**WHAT NEEDS TO BE DONE:** Would you restate the entries below word for word, starting at the first line and ending with the one that has "(forall (l : nat)"?

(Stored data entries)
'''
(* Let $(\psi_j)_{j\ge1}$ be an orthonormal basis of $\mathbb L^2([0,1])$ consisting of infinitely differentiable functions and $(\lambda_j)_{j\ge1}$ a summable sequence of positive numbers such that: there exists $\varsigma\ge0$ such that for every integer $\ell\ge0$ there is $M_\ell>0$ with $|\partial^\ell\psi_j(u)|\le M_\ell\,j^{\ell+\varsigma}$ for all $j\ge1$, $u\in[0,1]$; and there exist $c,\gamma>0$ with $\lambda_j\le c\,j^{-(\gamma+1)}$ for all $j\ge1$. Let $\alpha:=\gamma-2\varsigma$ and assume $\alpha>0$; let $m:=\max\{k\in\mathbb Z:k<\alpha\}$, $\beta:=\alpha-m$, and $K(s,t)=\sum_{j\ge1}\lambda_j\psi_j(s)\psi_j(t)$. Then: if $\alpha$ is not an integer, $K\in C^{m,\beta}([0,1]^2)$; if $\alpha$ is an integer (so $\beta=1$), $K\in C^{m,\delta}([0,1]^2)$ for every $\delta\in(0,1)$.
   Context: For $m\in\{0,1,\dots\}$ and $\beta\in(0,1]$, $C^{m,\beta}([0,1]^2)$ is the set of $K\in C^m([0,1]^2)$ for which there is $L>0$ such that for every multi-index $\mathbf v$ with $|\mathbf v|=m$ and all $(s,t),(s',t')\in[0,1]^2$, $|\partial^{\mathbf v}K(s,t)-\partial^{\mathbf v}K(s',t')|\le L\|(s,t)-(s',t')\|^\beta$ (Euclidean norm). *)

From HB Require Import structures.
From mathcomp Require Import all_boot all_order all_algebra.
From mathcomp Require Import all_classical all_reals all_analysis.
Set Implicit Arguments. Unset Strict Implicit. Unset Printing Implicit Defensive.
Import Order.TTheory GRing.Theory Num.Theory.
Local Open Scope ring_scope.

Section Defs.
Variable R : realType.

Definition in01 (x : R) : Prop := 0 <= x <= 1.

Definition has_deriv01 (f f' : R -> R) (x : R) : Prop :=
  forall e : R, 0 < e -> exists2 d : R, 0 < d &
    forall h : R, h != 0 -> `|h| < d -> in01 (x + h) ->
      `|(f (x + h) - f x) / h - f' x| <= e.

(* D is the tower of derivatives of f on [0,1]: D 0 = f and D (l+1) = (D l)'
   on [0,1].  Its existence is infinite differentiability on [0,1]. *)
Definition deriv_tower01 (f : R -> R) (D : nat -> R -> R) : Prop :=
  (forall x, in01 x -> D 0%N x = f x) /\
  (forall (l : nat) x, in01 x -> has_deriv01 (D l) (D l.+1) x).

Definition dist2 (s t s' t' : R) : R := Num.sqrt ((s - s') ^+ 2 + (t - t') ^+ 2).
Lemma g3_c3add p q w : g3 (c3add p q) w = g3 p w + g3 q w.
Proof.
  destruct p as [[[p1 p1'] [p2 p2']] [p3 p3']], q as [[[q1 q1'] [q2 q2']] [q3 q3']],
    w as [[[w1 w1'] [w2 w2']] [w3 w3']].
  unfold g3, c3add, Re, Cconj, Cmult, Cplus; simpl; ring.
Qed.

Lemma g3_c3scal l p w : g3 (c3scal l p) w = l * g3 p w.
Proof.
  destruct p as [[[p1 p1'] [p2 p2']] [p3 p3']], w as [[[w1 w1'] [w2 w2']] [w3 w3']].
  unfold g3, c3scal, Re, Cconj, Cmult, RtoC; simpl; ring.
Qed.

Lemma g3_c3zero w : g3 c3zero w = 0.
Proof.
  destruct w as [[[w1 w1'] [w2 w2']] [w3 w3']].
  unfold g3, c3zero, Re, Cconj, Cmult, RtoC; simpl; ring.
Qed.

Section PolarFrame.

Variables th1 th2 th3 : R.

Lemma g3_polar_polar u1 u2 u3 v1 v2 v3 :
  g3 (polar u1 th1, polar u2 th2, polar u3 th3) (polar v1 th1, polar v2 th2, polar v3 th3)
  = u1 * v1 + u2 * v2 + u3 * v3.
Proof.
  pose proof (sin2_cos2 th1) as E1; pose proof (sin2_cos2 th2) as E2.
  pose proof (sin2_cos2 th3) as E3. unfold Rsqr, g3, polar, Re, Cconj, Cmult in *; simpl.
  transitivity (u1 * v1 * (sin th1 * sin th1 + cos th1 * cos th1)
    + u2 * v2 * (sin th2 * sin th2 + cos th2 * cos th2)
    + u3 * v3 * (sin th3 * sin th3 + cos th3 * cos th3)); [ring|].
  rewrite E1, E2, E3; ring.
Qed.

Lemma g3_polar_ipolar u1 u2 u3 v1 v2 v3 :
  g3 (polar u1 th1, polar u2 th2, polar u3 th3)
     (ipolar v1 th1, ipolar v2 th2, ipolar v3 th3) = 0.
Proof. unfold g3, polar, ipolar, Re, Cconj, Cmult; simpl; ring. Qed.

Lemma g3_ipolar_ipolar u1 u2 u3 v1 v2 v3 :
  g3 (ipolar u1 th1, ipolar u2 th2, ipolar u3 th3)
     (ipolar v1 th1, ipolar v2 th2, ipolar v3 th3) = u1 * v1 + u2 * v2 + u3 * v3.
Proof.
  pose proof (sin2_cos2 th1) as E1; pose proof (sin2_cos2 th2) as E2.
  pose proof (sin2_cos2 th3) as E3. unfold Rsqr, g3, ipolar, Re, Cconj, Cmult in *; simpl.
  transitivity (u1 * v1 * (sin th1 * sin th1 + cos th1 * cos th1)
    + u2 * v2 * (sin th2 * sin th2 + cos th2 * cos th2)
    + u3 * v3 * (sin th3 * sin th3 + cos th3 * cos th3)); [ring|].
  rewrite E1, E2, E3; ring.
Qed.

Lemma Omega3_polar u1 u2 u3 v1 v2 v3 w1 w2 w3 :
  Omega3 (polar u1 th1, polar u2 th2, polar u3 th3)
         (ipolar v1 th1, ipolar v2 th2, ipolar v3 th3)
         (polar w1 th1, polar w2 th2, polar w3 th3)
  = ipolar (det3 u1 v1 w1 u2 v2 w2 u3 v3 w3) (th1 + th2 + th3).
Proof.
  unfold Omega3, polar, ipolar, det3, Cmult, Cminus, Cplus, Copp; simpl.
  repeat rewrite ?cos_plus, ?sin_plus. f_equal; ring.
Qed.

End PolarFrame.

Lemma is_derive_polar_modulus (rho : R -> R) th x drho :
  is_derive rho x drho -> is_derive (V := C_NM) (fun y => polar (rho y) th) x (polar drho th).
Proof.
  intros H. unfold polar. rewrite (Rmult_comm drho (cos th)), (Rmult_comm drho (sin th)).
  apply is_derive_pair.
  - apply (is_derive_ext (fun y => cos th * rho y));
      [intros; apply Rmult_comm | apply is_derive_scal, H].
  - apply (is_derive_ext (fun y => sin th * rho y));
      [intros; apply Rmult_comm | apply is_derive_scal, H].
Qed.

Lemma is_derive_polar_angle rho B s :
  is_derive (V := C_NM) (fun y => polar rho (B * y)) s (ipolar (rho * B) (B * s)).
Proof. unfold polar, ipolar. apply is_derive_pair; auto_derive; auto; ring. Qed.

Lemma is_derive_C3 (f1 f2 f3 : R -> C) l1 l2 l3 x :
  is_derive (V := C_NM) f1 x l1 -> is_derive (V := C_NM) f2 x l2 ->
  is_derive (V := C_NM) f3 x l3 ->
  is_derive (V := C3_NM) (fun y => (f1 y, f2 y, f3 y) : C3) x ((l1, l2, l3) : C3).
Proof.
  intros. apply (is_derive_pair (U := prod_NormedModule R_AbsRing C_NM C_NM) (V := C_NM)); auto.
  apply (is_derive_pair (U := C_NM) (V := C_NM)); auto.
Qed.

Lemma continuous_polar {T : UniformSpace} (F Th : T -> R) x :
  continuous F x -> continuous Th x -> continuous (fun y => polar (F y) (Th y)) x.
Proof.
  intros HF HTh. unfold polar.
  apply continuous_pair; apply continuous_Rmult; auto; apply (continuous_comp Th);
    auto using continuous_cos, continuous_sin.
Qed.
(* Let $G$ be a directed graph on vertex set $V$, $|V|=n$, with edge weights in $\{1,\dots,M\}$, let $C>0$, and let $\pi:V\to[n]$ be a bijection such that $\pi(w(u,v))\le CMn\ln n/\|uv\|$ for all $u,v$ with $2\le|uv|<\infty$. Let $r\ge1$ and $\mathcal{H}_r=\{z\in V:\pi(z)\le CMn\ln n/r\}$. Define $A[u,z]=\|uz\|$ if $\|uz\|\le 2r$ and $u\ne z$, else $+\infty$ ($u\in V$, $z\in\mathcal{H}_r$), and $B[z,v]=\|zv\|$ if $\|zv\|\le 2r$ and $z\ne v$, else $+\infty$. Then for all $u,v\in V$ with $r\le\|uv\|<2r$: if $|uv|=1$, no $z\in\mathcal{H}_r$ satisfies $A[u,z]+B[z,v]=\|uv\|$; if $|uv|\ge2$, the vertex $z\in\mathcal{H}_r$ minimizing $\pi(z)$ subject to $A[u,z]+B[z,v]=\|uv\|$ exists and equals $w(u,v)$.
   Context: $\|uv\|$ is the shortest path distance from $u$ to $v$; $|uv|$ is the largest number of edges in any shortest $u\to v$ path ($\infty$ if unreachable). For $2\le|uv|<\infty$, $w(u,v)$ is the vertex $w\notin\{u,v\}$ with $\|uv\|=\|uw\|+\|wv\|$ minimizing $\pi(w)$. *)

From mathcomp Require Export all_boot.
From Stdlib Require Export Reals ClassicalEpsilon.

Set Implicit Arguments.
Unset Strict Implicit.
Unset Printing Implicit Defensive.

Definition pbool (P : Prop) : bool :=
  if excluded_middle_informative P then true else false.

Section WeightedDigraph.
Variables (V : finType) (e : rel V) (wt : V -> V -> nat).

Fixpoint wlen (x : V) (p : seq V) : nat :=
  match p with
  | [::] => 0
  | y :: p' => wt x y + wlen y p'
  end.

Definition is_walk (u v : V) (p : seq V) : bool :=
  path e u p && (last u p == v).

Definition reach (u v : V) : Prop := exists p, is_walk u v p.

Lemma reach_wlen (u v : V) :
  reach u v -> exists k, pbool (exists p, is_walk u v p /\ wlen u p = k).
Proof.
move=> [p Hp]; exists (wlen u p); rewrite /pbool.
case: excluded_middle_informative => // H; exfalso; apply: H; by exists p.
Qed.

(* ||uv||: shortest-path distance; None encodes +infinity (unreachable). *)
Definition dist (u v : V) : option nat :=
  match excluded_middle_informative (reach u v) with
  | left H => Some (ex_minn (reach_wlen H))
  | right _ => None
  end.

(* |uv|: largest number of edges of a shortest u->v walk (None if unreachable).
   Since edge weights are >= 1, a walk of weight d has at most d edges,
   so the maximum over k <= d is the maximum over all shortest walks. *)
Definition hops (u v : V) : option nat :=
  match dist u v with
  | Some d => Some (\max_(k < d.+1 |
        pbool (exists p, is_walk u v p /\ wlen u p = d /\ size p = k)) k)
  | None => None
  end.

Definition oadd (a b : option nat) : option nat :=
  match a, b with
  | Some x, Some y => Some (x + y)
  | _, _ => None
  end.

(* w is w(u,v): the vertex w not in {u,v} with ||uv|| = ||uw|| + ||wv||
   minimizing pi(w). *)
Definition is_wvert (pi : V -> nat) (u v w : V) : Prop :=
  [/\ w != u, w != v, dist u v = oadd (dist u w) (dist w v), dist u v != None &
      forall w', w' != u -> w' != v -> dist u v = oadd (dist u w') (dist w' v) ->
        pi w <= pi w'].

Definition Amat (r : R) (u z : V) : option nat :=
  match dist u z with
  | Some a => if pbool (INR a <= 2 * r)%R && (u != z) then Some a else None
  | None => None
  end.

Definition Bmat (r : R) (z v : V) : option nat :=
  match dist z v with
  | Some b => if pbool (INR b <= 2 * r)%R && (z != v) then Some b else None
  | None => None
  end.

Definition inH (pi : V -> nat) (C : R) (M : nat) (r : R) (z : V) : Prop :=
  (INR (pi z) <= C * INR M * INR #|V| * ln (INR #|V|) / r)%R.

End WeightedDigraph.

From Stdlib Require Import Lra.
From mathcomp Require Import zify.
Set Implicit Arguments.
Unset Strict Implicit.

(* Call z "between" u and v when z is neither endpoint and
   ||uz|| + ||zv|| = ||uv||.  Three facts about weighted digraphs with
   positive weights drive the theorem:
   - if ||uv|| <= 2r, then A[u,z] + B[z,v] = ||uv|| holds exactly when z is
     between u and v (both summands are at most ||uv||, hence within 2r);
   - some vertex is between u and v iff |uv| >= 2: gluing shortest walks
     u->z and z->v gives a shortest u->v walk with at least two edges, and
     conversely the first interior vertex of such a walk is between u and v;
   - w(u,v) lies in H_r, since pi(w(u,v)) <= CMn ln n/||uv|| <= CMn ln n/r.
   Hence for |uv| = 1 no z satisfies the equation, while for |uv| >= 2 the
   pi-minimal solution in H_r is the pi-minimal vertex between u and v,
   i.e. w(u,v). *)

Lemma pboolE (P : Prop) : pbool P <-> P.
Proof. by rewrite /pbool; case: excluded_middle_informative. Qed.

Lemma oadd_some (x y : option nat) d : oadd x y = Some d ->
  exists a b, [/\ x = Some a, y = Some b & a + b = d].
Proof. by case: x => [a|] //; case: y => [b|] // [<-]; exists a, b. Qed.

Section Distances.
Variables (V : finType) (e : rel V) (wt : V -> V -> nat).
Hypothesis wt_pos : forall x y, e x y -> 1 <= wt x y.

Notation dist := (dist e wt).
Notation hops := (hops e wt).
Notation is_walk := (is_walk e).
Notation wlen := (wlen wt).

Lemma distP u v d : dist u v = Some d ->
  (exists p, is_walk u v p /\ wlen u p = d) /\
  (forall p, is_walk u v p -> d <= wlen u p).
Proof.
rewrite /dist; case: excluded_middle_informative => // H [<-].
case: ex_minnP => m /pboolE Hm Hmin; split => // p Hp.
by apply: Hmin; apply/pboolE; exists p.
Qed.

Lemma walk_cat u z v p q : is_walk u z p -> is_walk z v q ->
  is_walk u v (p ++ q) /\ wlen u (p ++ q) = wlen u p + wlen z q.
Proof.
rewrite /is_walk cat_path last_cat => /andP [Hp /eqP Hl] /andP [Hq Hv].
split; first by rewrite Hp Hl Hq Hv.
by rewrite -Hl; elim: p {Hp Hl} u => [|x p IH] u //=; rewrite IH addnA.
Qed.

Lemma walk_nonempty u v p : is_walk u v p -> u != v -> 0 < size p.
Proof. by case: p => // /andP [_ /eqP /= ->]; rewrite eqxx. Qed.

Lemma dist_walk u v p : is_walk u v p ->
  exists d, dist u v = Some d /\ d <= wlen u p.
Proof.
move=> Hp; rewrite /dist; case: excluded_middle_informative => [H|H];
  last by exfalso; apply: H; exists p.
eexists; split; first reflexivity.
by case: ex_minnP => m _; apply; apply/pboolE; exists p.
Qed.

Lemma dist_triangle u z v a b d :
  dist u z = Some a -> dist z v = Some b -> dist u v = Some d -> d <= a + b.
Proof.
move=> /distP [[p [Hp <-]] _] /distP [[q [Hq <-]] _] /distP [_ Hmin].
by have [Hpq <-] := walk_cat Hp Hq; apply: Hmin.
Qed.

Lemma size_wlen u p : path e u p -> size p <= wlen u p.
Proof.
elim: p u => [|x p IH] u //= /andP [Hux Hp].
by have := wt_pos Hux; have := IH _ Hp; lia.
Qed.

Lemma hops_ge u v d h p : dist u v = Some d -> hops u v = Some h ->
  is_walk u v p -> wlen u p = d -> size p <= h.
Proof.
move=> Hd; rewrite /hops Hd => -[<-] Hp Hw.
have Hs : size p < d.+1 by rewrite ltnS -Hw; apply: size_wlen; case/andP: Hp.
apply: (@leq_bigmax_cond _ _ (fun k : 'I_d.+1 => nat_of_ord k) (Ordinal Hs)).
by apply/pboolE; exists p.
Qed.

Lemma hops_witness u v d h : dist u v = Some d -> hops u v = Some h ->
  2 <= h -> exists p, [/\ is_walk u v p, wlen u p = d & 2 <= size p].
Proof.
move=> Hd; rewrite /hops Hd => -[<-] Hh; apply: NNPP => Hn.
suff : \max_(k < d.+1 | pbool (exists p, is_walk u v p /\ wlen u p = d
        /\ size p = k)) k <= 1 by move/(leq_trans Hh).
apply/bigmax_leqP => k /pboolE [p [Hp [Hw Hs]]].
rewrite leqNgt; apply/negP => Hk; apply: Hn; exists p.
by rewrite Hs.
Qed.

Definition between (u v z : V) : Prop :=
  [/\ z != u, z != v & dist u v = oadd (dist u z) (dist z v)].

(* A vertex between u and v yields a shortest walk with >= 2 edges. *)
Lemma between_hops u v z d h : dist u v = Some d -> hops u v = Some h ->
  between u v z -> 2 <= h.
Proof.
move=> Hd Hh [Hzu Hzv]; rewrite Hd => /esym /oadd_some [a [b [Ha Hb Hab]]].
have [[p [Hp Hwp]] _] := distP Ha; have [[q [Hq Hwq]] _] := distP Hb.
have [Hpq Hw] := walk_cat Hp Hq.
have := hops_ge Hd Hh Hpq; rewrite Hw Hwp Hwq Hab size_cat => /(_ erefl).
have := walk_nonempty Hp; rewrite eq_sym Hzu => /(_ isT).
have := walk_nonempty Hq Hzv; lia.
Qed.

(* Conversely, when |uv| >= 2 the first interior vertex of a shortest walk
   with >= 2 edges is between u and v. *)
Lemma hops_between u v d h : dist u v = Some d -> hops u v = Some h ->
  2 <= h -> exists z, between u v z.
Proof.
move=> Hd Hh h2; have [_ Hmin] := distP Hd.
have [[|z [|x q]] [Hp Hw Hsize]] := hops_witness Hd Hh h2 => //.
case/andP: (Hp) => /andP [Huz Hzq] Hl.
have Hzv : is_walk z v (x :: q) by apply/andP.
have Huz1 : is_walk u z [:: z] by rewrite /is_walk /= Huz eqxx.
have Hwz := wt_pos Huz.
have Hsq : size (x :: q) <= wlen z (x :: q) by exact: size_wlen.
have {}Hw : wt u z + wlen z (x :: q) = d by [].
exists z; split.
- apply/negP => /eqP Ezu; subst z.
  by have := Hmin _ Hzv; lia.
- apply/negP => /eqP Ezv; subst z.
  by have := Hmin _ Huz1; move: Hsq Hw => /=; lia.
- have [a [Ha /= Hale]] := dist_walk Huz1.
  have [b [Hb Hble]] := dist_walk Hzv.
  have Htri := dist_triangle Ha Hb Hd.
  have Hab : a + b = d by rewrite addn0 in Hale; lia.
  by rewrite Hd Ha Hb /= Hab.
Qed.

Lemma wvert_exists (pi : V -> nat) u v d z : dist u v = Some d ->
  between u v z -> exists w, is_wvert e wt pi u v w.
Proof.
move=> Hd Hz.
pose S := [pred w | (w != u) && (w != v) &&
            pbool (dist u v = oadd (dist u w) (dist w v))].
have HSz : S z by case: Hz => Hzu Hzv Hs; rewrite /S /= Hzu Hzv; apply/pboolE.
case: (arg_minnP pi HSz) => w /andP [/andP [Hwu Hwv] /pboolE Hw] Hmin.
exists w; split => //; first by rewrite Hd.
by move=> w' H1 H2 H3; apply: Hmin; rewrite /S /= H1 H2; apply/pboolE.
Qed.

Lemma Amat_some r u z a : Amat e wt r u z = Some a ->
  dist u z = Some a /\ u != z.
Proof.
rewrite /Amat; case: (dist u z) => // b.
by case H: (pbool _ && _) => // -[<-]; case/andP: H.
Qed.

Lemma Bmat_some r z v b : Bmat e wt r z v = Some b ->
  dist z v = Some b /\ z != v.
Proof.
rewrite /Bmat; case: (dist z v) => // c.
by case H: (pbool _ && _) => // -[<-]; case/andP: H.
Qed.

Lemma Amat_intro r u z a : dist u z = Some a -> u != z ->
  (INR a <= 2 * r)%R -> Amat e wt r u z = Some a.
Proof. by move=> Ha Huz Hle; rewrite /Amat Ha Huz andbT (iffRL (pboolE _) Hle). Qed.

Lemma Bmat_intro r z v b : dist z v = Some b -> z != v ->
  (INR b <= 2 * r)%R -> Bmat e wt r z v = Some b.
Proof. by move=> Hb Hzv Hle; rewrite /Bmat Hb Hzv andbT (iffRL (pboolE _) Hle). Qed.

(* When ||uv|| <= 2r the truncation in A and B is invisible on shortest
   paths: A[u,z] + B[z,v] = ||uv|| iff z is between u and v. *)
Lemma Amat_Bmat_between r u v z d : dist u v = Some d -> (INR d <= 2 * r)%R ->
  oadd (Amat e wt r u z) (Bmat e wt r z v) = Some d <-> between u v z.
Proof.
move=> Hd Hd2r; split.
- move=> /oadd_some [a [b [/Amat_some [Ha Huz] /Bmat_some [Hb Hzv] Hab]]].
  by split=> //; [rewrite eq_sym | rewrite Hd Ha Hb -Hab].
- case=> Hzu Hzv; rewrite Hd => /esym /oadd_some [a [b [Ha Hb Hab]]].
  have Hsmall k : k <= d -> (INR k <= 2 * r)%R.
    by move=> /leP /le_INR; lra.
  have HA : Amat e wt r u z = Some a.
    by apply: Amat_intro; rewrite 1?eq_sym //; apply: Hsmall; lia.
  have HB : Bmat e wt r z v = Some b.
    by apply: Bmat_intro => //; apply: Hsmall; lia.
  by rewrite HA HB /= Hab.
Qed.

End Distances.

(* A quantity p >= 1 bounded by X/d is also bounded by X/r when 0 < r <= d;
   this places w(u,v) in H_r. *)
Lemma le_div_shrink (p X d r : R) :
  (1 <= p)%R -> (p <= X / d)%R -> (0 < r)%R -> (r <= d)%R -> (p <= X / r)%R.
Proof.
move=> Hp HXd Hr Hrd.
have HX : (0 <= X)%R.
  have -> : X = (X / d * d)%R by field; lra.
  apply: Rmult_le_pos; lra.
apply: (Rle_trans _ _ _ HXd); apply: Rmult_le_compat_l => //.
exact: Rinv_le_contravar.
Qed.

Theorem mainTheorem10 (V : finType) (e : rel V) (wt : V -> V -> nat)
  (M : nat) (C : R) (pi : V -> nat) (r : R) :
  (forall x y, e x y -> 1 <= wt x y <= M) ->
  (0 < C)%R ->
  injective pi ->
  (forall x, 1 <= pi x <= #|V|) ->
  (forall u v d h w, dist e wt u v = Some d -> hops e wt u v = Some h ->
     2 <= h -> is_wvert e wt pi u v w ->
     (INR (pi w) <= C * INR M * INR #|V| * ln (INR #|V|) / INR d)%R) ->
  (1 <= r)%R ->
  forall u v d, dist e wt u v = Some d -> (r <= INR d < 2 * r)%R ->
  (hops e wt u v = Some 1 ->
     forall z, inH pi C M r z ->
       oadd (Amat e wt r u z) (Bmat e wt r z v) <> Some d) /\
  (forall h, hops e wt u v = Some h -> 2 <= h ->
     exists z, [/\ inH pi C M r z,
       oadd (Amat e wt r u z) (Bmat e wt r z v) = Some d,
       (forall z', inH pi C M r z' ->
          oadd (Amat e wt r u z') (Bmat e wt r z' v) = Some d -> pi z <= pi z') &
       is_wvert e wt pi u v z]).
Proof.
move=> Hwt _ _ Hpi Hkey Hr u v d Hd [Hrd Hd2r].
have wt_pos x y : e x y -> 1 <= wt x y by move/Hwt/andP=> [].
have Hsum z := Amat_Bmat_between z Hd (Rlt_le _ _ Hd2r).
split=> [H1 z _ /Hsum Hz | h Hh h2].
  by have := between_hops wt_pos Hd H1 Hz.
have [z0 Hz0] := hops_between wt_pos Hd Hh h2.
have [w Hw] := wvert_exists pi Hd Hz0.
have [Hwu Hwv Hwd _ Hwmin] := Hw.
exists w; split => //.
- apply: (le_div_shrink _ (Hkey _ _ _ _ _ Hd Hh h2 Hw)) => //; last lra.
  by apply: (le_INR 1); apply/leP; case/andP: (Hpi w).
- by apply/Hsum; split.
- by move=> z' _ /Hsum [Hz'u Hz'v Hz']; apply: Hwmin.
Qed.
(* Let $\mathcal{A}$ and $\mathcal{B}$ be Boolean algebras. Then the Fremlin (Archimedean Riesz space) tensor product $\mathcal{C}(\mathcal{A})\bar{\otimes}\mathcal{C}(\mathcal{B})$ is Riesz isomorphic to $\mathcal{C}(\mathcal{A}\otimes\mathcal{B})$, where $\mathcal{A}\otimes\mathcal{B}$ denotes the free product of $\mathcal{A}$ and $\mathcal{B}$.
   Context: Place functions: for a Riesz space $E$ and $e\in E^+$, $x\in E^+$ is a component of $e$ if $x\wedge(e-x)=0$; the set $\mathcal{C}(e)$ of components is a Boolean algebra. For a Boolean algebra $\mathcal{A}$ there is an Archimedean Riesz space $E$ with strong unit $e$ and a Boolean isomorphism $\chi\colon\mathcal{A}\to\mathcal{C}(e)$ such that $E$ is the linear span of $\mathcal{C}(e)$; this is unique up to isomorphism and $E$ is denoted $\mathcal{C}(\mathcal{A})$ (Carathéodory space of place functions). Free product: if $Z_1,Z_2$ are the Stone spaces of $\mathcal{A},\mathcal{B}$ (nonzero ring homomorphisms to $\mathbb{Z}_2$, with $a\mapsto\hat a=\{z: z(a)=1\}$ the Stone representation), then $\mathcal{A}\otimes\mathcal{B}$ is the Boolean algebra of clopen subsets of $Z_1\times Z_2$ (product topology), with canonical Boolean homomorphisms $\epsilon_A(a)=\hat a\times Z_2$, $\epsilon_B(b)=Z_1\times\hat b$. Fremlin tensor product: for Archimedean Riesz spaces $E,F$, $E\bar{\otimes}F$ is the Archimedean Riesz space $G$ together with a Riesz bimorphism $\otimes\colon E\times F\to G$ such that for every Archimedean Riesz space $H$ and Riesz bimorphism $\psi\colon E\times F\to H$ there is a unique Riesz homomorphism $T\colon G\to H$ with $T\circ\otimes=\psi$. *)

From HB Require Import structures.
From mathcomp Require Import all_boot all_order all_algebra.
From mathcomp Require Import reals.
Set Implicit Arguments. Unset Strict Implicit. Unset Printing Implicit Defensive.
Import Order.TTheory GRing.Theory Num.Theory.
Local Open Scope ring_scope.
'''
**ANSWER:**
(* Let $(\psi_j)_{j\ge1}$ be an orthonormal basis of $\mathbb L^2([0,1])$ consisting of infinitely differentiable functions and $(\lambda_j)_{j\ge1}$ a summable sequence of positive numbers such that: there exists $\varsigma\ge0$ such that for every integer $\ell\ge0$ there is $M_\ell>0$ with $|\partial^\ell\psi_j(u)|\le M_\ell\,j^{\ell+\varsigma}$ for all $j\ge1$, $u\in[0,1]$; and there exist $c,\gamma>0$ with $\lambda_j\le c\,j^{-(\gamma+1)}$ for all $j\ge1$. Let $\alpha:=\gamma-2\varsigma$ and assume $\alpha>0$; let $m:=\max\{k\in\mathbb Z:k<\alpha\}$, $\beta:=\alpha-m$, and $K(s,t)=\sum_{j\ge1}\lambda_j\psi_j(s)\psi_j(t)$. Then: if $\alpha$ is not an integer, $K\in C^{m,\beta}([0,1]^2)$; if $\alpha$ is an integer (so $\beta=1$), $K\in C^{m,\delta}([0,1]^2)$ for every $\delta\in(0,1)$.
   Context: For $m\in\{0,1,\dots\}$ and $\beta\in(0,1]$, $C^{m,\beta}([0,1]^2)$ is the set of $K\in C^m([0,1]^2)$ for which there is $L>0$ such that for every multi-index $\mathbf v$ with $|\mathbf v|=m$ and all $(s,t),(s',t')\in[0,1]^2$, $|\partial^{\mathbf v}K(s,t)-\partial^{\mathbf v}K(s',t')|\le L\|(s,t)-(s',t')\|^\beta$ (Euclidean norm). *)

From HB Require Import structures.
From mathcomp Require Import all_boot all_order all_algebra.
From mathcomp Require Import all_classical all_reals all_analysis.
Set Implicit Arguments. Unset Strict Implicit. Unset Printing Implicit Defensive.
Import Order.TTheory GRing.Theory Num.Theory.
Local Open Scope ring_scope.

Section Defs.
Variable R : realType.

Definition in01 (x : R) : Prop := 0 <= x <= 1.

Definition has_deriv01 (f f' : R -> R) (x : R) : Prop :=
  forall e : R, 0 < e -> exists2 d : R, 0 < d &
    forall h : R, h != 0 -> `|h| < d -> in01 (x + h) ->
      `|(f (x + h) - f x) / h - f' x| <= e.

(* D is the tower of derivatives of f on [0,1]: D 0 = f and D (l+1) = (D l)'
   on [0,1].  Its existence is infinite differentiability on [0,1]. *)
Definition deriv_tower01 (f : R -> R) (D : nat -> R -> R) : Prop :=
  (forall x, in01 x -> D 0%N x = f x) /\
  (forall (l : nat) x, in01 x -> has_deriv01 (D l) (D l.+1) x).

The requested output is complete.